[cvsnt] Betr.: CVSNT to CVS

Wed Apr 8 23:02:57 BST 2009

On Wed, 08 Apr 2009 19:13:31 +0000, Tony Hoyle wrote:
> Andreas Krey wrote:
> >It comes close to the best thing since version control in general, IMHO.
> >That way I can basically do everything offline, even complicated merges,
> >and only need a connection for pushing back the results. I first considered
> >it overkill just as well but then the whole git repository is typically
> >smaller than all the 'pristine copy' files that svn puts in the sandbox.
> 
> Only for a new repository.  Try pulling down something like redhat, for 
> example.

Surprisingly, not. Pulling the linux kernel really takes some time,
but take one of our repos which now contains about 1600 commits:
It contains 3000kBytes of sources, and the git repo is 2100kBytes
big. The same in CVS(nt) ist three times that size, and svn needs
almost ten times that size. Also note that the repo is smaller
than the source which means that the svn sandbox is (because
of the pristine copy) bigger than a git 'sandbox' including the
repo.

Most software is written and then a bit modified, and then stays,
which means repositories don't grow over time, but mainly with
the code size they contain. Which explains why git often manages
to have the repository smaller than the (uncompressed) tar ball
of the head.

...
> it's debatable how much you're actually saving).  If you're only on a 
> project for a short period it's a huge waste especially if it's 
> happening remotely.

I'm just cloning the linux kernel just to see the numbers (and
to look a bit into the history), and that does take some time,
and isn't through yet...now it is (at 1Mbit/s it takes a while).

Sandbox:               400M (as by 'du -k')
Repository:            320M (dito)
Uncompressed tar file: 353M
     Gzipped tar file:  76M (sandbox and tars of head/master)

Which basically means that you need to enable compression if a
cvs checkout of the head shall be faster than a git clone of the
*entire* repo.

git trades space savings for CPU power; with our lowly sparc
the processor is the bottleneck, not the WAN.

...
> Something we considered adding to cvsnt is offline commits, so you could 
> commit locally then sync later.  It's not really a common case though - 
> it's rare you don't have *some* internet connectivity.

I happen to travel by rail, and while there is GPRS etc., it is
a bit flaky when you actually move, and it's not exactly fast.
You definitely don't want to do lots of 'cvs diff's there.

...
> People use a lot less of version control systems than sometimes forums 
> like this would have you believe.  They're a tool.  They don't spend all 
> day debating the best way to work..

Those people would also be pretty indifferent to switching tools;
give them a list of old and new commands, and that's it.

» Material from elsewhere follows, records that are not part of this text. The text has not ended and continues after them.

Definition mu {R : realType} {n : nat} (f : 'rV[R]_n -> \bar R) (X : set 'rV[R]_n)
  (u : 'rV[R]_n) : \bar R :=
  ereal_inf [set (f x - (inner u x)%:E)%E | x in X].

Definition unbounded {R : realType} {n : nat} (A : set 'rV[R]_n) : Prop :=
  forall M : R, exists x, A x /\ M < enorm x.

From HB Require Import structures.
From mathcomp Require Import all_boot all_order all_algebra.
From mathcomp Require Import all_classical all_reals all_analysis.
Import Order.TTheory GRing.Theory Num.Theory.
Import numFieldNormedType.Exports.
Local Open Scope classical_set_scope.
Local Open Scope ring_scope.
From mathcomp.algebra_tactics Require Import ring lra.

(* The optimal value mu is an infimum of functions affine in u, so it is upper
   semicontinuous at 0 for free; the content is the lower bound.  If it failed,
   there would be u_k -> 0 and x_k in X with |x_k| -> +oo and f x_k - <u_k, x_k>
   bounded above.  A cluster point d of x_k / |x_k| lies in X^oo.  For y in
   dom f, quasiconvexity of f - <u_k, .> on the segments [y, x_k] together with
   lower semicontinuity bounds f on the ray y + R_+ d, and robust
   quasiconvexity (tilting f by a small multiple of <d, .>) forces a bounded ray
   to be nonincreasing, so d is a nonzero element of K_q(f). *)

Section InnerProduct.
Context {R : realType} {n : nat}.
Local Notation V := 'rV[R]_n.
Implicit Types (u x y : V) (a : R).
(* Let $(X,\mathcal A)$ be a measurable space and $h,v:X\to X$ bi-measurable one-to-one maps such that $h(X)$ and $v(X)$ form a partition of $X$. Let $B\in\mathcal A$ be such that $X=\bigcup_{w\in\mathcal M(h,v)}wB$. Then: (1) if $\mu,\nu$ are two $\{h,v\}$-invariant measures on $X$ that are equal on $B$, then $\mu=\nu$ on $X$; (2) every measure that is $\mathcal M(h,v)$-invariant on $B$ is the restriction to $B$ of an $\mathcal M(h,v)$-invariant measure on $X$; (3) if $h(X\setminus B)\cap B=v(X\setminus B)\cap B=\emptyset$, then every measure that is $\{h,v\}$-invariant on $B$ is the restriction to $B$ of an $\mathcal M(h,v)$-invariant measure on $X$.
   Context: A map $g:X\to X$ is bi-measurable if it is measurable and $gA\in\mathcal A$ for all $A\in\mathcal A$. $\mathcal M(h,v)$ is the monoid generated by $h,v$ under composition, containing the identity. For a set $E$ of bi-measurable one-to-one maps and $B\in\mathcal A$, a measure $\mu$ on the measurable subsets of $B$ is $E$-invariant on $B$ if for all measurable $A\subset B$ and all $g\in E$, $gA\subset B$ implies $\mu(gA)=\mu(A)$. A measure on $X$ is $E$-invariant if it is $E$-invariant on $B=X$. *)

From HB Require Import structures.
From mathcomp Require Import all_boot all_order all_algebra.
From mathcomp Require Import all_classical all_reals all_analysis.
Set Implicit Arguments. Unset Strict Implicit. Unset Printing Implicit Defensive.
Import Order.TTheory GRing.Theory Num.Theory.
Local Open Scope classical_set_scope.
Local Open Scope ring_scope.

Section Defs.
Context {d : measure_display} {T : measurableType d} {R : realType}.

Definition bimeasurable (g : T -> T) : Prop :=
  measurable_fun setT g /\ (forall A, measurable A -> measurable (g @` A)).

Inductive monoid_gen (h v : T -> T) : (T -> T) -> Prop :=
  | mg_id : monoid_gen h v id
  | mg_h w : monoid_gen h v w -> monoid_gen h v (h \o w)
  | mg_v w : monoid_gen h v w -> monoid_gen h v (v \o w).

Definition pair_maps (h v : T -> T) : set (T -> T) := [set h; v].

(* mu is a measure on the measurable subsets of B (its values elsewhere are
   irrelevant) *)
Definition measure_on (B : set T) (mu : set T -> \bar R) : Prop :=
  [/\ mu set0 = 0%E,
      (forall A, measurable A -> A `<=` B -> (0 <= mu A)%E) &
      (forall F : nat -> set T, (forall n, measurable (F n)) ->
         (forall n, F n `<=` B) -> trivIset setT F ->
         (fun n => (\sum_(0 <= i < n) mu (F i))%E) @ \oo --> mu (\bigcup_n F n))].

Definition invariant_on (E : set (T -> T)) (B : set T) (mu : set T -> \bar R)
  : Prop :=
  forall A, measurable A -> A `<=` B -> forall g, E g ->
    g @` A `<=` B -> mu (g @` A) = mu A.

End Defs.

From HB Require Import structures.
From mathcomp Require Import all_boot all_order all_algebra.
From mathcomp Require Import all_classical all_reals all_analysis.
Import Order.TTheory GRing.Theory Num.Theory.
Local Open Scope classical_set_scope.
Local Open Scope ring_scope.

(* Because h and v are injective with disjoint ranges, the monoid M(h,v) acts
   freely: if w x = w' y and w' is no longer than w, then w' is a prefix of w
   and the remaining suffix of w maps x to y.  Enumerate the words as
   w_0, w_1, ... and disjointify the images w_n B into tiles D_n; these cover
   X, so every measurable A is the disjoint union of the sets w_n E_n(A), where
   E_n(A) = w_n^-1(A ∩ D_n) is a measurable subset of B.  An invariant
   measure gives w_n E_n(A) the mass of E_n(A), whence (1).  For (2),
   nu(A) = sum_n mu(E_n(A)) is a measure; freeness turns every equality
   w P = w' Q between images of subsets of B into Q = u P for a word u, which
   makes nu invariant and equal to mu on B.  Under the hypothesis of (3), a
   word carrying a subset of B into B keeps it inside B after each letter, so
   {h,v}-invariance on B already is M(h,v)-invariance on B, and (2) applies. *)

Set Implicit Arguments.
Unset Strict Implicit.

Lemma trivIset_image_inj (T U I : Type) (D : set I) (f : T -> U) (F : I -> set T) :
  injective f -> trivIset D F -> trivIset D (fun i => f @` F i).
Proof.
move=> f_inj tF i j Di Dj [_ [[a Fa <-] [b Fb fba]]]; apply: tF => //.
by exists a; split=> //; rewrite -(f_inj _ _ fba).
Qed.

Lemma trivIset_preimage (T U I : Type) (D : set I) (f : T -> U) (F : I -> set U) :
  trivIset D F -> trivIset D (fun i => f @^-1` F i).
Proof. by move=> tF i j Di Dj [x [Fi Fj]]; apply: tF => //; exists (f x). Qed.

Lemma measurable_funT_preimage d d' (T : measurableType d) (U : measurableType d')
    (f : T -> U) (Y : set U) :
  measurable_fun setT f -> measurable Y -> measurable (f @^-1` Y).
Proof. by move=> mf mY; rewrite -[X in measurable X]setTI; exact: mf. Qed.

Lemma image_setI_preimage (T U : Type) (f : T -> U) (A : set T) (Y : set U) :
  f @` (A `&` f @^-1` Y) = f @` A `&` Y.
Proof.
apply/seteqP; split=> [_ [x [Ax Yx] <-]|_ [[x Ax <-] Yx]]; last by exists x.
by split=> //; exists x.
Qed.

Section bimeasurable.
Context d (T : measurableType d).

Lemma bimeasurable_id : bimeasurable (@id T).
Proof. by split=> // A mA; rewrite image_id. Qed.

Lemma bimeasurable_comp (f g : T -> T) :
  bimeasurable f -> bimeasurable g -> bimeasurable (f \o g).
Proof.
move=> [mf f_img] [mg g_img]; split; first exact: measurableT_comp.
by move=> A mA; rewrite -image_comp; apply/f_img/g_img.
Qed.

End bimeasurable.

Section measure_on.
Context d (T : measurableType d) (R : realType) (B : set T) (mu : set T -> \bar R).
Hypothesis mu_on_B : measure_on B mu.

Lemma measure_on_semi_bigcup (F : nat -> set T) :
  (forall n, measurable (F n)) -> (forall n, F n `<=` B) -> trivIset setT F ->
  mu (\bigcup_n F n) = (\sum_(n <oo) mu (F n))%E.
Proof. by case: mu_on_B => _ _ mu_sa mF FB tF; apply/esym/cvg_lim/mu_sa. Qed.

End measure_on.

Section words.
Context d (T : measurableType d) (h v : T -> T).

Definition letter (b : bool) : T -> T := if b then h else v.

Fixpoint word_map (s : seq bool) : T -> T :=
  if s is b :: s' then letter b \o word_map s' else id.

Lemma word_map_cat s t : word_map (s ++ t) = word_map s \o word_map t.
Proof. by elim: s => //= b s ->. Qed.

Lemma monoid_gen_word_map s : monoid_gen h v (word_map s).
Proof. by elim: s => [|[] s IHs] /=; constructor. Qed.

Lemma monoid_gen_word w : monoid_gen h v w -> exists s, w = word_map s.
Proof.
elim=> [|w' _ [s ->]|w' _ [s ->]]; first by exists [::].
- by exists (true :: s).
- by exists (false :: s).
Qed.

Hypotheses (h_inj : injective h) (v_inj : injective v).
Hypothesis hv_disj : range h `&` range v = set0.

Lemma letter_inj b : injective (letter b).
Proof. by case: b. Qed.

Lemma word_map_inj s : injective (word_map s).
Proof. by elim: s => //= b s IHs x y /letter_inj /IHs. Qed.

Lemma letter_label_eq a b x y : letter a x = letter b y -> a = b.
Proof.
have hv_neq x' y' : h x' <> v y'.
  move=> hv; have : (range h `&` range v) (h x') by split; [exists x'|exists y'].
  by rewrite hv_disj.
by case: a; case: b => //= ab; exfalso;
  [exact: hv_neq ab|exact: hv_neq (esym ab)].
Qed.

Lemma word_map_eq_drop u w x y : (size w <= size u)%N ->
  word_map u x = word_map w y -> word_map (drop (size w) u) x = y.
Proof.
elim: u w => [|a u IHu] [|b w] //= wu /[dup] /letter_label_eq <- /letter_inj.
exact: IHu.
Qed.

Lemma image_word_map_drop u w P Q : (size w <= size u)%N ->
  word_map u @` P = word_map w @` Q -> word_map (drop (size w) u) @` P = Q.
Proof.
move=> wu uPwQ; apply/seteqP; split=> [_ [p Pp <-]|q Qq].
- have [q Qq /esym qp] : (word_map w @` Q) (word_map u p) by rewrite -uPwQ; exists p.
  by rewrite (word_map_eq_drop wu qp).
- have [p Pp pq] : (word_map u @` P) (word_map w q) by rewrite uPwQ; exists q.
  by exists p; rewrite // (word_map_eq_drop wu pq).
Qed.

Lemma bimeasurable_word_map s :
  bimeasurable h -> bimeasurable v -> bimeasurable (word_map s).
Proof.
move=> hM vM; elim: s => [|b s IHs] /=; first exact: bimeasurable_id.
by apply: bimeasurable_comp => //; case: b.
Qed.

End words.

Section invariance.
Context d (T : measurableType d) (R : realType) (h v : T -> T).
Hypotheses (hM : bimeasurable h) (vM : bimeasurable v).

Lemma invariant_on_monoid_gen (B : set T) (mu : set T -> \bar R) :
  h @` (~` B) `&` B = set0 -> v @` (~` B) `&` B = set0 ->
  invariant_on (pair_maps h v) B mu -> invariant_on (monoid_gen h v) B mu.
Proof.
move=> hB vB mu_inv A mA AB _ /monoid_gen_word [s ->].
elim: s => [|b s IHs] /=; first by rewrite image_id.
rewrite -image_comp => bsAB.
have sAB : word_map h v s @` A `<=` B.
  move=> _ [a Aa <-]; apply: contrapT => nB.
  have : (letter h v b @` (~` B) `&` B) (letter h v b (word_map h v s a)).
    by split; [exists (word_map h v s a)|apply/bsAB/imageP/imageP].
  by case: b {bsAB}; [rewrite hB|rewrite vB].
rewrite (mu_inv _ _ sAB (letter h v b)) ?IHs //.
- exact: (bimeasurable_word_map s hM vM).2.
- by case: b {bsAB sAB}; [left|right].
Qed.

Lemma invariant_onT_monoid_gen (mu : set T -> \bar R) :
  invariant_on (pair_maps h v) setT mu -> invariant_on (monoid_gen h v) setT mu.
Proof. by apply: invariant_on_monoid_gen; rewrite setCT image_set0 set0I. Qed.

Lemma invariant_onT_word_image (mu : set T -> \bar R) s A :
  invariant_on (monoid_gen h v) setT mu -> measurable A ->
  mu (word_map h v s @` A) = mu A.
Proof. by move=> mu_inv mA; apply: mu_inv => //; exact: monoid_gen_word_map. Qed.

Hypotheses (h_inj : injective h) (v_inj : injective v).
Hypothesis hv_disj : range h `&` range v = set0.

Lemma invariant_on_word_image_eq (B : set T) (mu : set T -> \bar R) u w P Q :
  invariant_on (monoid_gen h v) B mu ->
  measurable P -> measurable Q -> P `<=` B -> Q `<=` B ->
  word_map h v u @` P = word_map h v w @` Q -> mu P = mu Q.
Proof.
move=> mu_inv mP mQ PB QB.
wlog wu : u w P Q mP mQ PB QB / (size w <= size u)%N.
  move=> wlog_wu; case: (leqP (size w) (size u)) => [|/ltnW uw]; first exact: wlog_wu.
  by move=> /esym/(wlog_wu _ _ _ _ mQ mP QB PB uw) ->.
move=> /(image_word_map_drop h_inj v_inj hv_disj wu) QE.
by rewrite -QE (mu_inv _ mP PB) ?QE //; exact: monoid_gen_word_map.
Qed.

End invariance.

Section tiling.
Context d (T : measurableType d) (h v : T -> T) (B : set T).
Hypotheses (hM : bimeasurable h) (vM : bimeasurable v).
Hypotheses (h_inj : injective h) (v_inj : injective v) (mB : measurable B).
Hypothesis B_gen : forall x, exists w, monoid_gen h v w /\ exists2 b, B b & w b = x.

Definition nth_word (n : nat) : seq bool := odflt [::] (unpickle n).

Local Notation W n := (word_map h v (nth_word n)).

Definition tile : nat -> set T := seqDU (fun n => W n @` B).

Definition tile_preimage n (A : set T) : set T := W n @^-1` (A `&` tile n).

Lemma measurable_tile n : measurable (tile n).
Proof. by apply: seqDU_measurable => k; apply: (bimeasurable_word_map _ hM vM).2. Qed.

Lemma trivIset_tile : trivIset setT tile.
Proof. exact: trivIset_seqDU. Qed.

Lemma bigcup_tile : \bigcup_n tile n = setT.
Proof.
rewrite -seqDU_bigcup_eq; apply/seteqP; split=> // x _.
have [_ [/monoid_gen_word [s ->] [b Bb <-]]] := B_gen x.
by exists (pickle s) => //; rewrite /nth_word pickleK; exists b.
Qed.

Lemma tile_preimage_subB n A : tile_preimage n A `<=` B.
Proof. by move=> y [_ [[b Bb /(word_map_inj h_inj v_inj) <-] _]]. Qed.

Lemma image_tile_preimage n A : W n @` tile_preimage n A = A `&` tile n.
Proof.
apply/seteqP; split=> [_ [y Ey <-] //|x [Ax Dx]].
by have [[b Bb bx] _] := Dx; exists b; rewrite /tile_preimage /= bx.
Qed.

Lemma measurable_tile_preimage n A : measurable A -> measurable (tile_preimage n A).
Proof.
move=> mA; apply: measurable_funT_preimage (measurableI _ _ mA (measurable_tile n)).
exact: (bimeasurable_word_map _ hM vM).1.
Qed.

Lemma bigcup_image_tile_preimage A : \bigcup_n W n @` tile_preimage n A = A.
Proof.
under eq_bigcupr do rewrite image_tile_preimage.
by rewrite -setI_bigcupr bigcup_tile setIT.
Qed.

Lemma trivIset_image_tile_preimage A :
  trivIset setT (fun n => W n @` tile_preimage n A).
Proof.
under eq_fun do rewrite image_tile_preimage.
exact/trivIset_setIl/trivIset_tile.
Qed.

Lemma measure_tile_decomp (R : realType) (mu : {measure set T -> \bar R}) A :
  measurable A -> mu A = (\sum_(n <oo) mu (W n @` tile_preimage n A))%E.
Proof.
move=> mA; rewrite -{1}(bigcup_image_tile_preimage A) measure_semi_bigcup //.
- move=> n; apply: (bimeasurable_word_map _ hM vM).2.
  exact: measurable_tile_preimage.
- exact: trivIset_image_tile_preimage.
- by rewrite bigcup_image_tile_preimage.
Qed.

> heck, a significant proportion never 
> even merge in the way you or I would.. the fire up WinMerge, view the 
> differences and merge manually, then commit the changes without any 
> merge information.  That's the way they like it

The question is whether they like it because there was hardly another
way on cvs. Also I can't quite believe they don't run into problems
pretty soon when they seriously start using branches.

...
> If you get 90% of the functionality right then you cover 99% of the 
> users.  The others are the noisy ones that complain on forums :)

Unfortunately, those (the mergemeisters and generally those who
do the difficult stuff) need to be in the boat. If you omit these
10% you got an acceptance problem at least where such people exist.

...
> Pulling down an entire cvs repository is a long process (even more so 
> for svn).  We do it for migrate and it can take many hours.

I know. :-(

...
> I presume git is based on arch,

git was started from scratch, and has taken ideas from bitkeeper,
which was previously used to version control the linux kernel.

> so had an existing system to base itself around.

Not really. But git sprouts lots of useful little things that are
all in the base distribution, like clean (delete all files mentioned
by .gitignore), archive (make a tar/zip file from then current commit),
bisect (find the commit that caused a problem, without manual bookkeeping),
and lots of general (command line) usability stuff. Just how often you
have to type repository urls to svn is annoying. (Although the price for the
biggest shittyness*popularity product goes to ant.)

...
> >No, but if I have a svn repository that makes heavy use of svn:external,
> >and EVS doesn't support it, I'm rather unlikely to switch.
> 
> That one we haven't done yet.. I don't see much (or any, really) use of 
> it in the wild.

It's just become really useful in 1.5, and we do heavily need it to
maintain which library is used in which version in what project/module.

> The same goes for git support.. nobody's actually asked for it yet.  It 
> hasn't been beyond the discussion stage.. maybe never will, or maybe a 
> customer will turn up with a 10,000 user order tomorrow and make it a 
> requirement.  I can dream :p

I note a trend there. :-) Namely the reliance on the commercial
business case (which is nothing to boo at).

> >But you can't commit to each one of them when they are disconnected
> >from each other?
> 
> Yes you can - it's designed for intermittent/poor connections.  If they 
> were connected all the time anyway you wouldn't need two servers.

Conflicting commit resolution?

> >Ehm, nope. He could have given me the patch but then the svn/evs
> >commit would carry my name, not his.
> 
> Obviously the patch bears the name of the person who does the commit. 
> If he doesn't have commit rights then it could never have his name, 
> except perhaps in the comments.

git has another stand on this. If I just forward the commit to the
official repository, by default it keeps the original committer name.
There won't even necessarily be a (visible) branch.

> They normal way to handle that kind of thing is to give certain people 
> their own branch and promote changes from that branch to the development 
> branch as permission is granted by the admin.

'normal' as in 'centralized VCS', of course. :-) The problem is the
administrative overhead in that, the distributed VCS are a lot more
democratic (or anarchic) there.

Andreas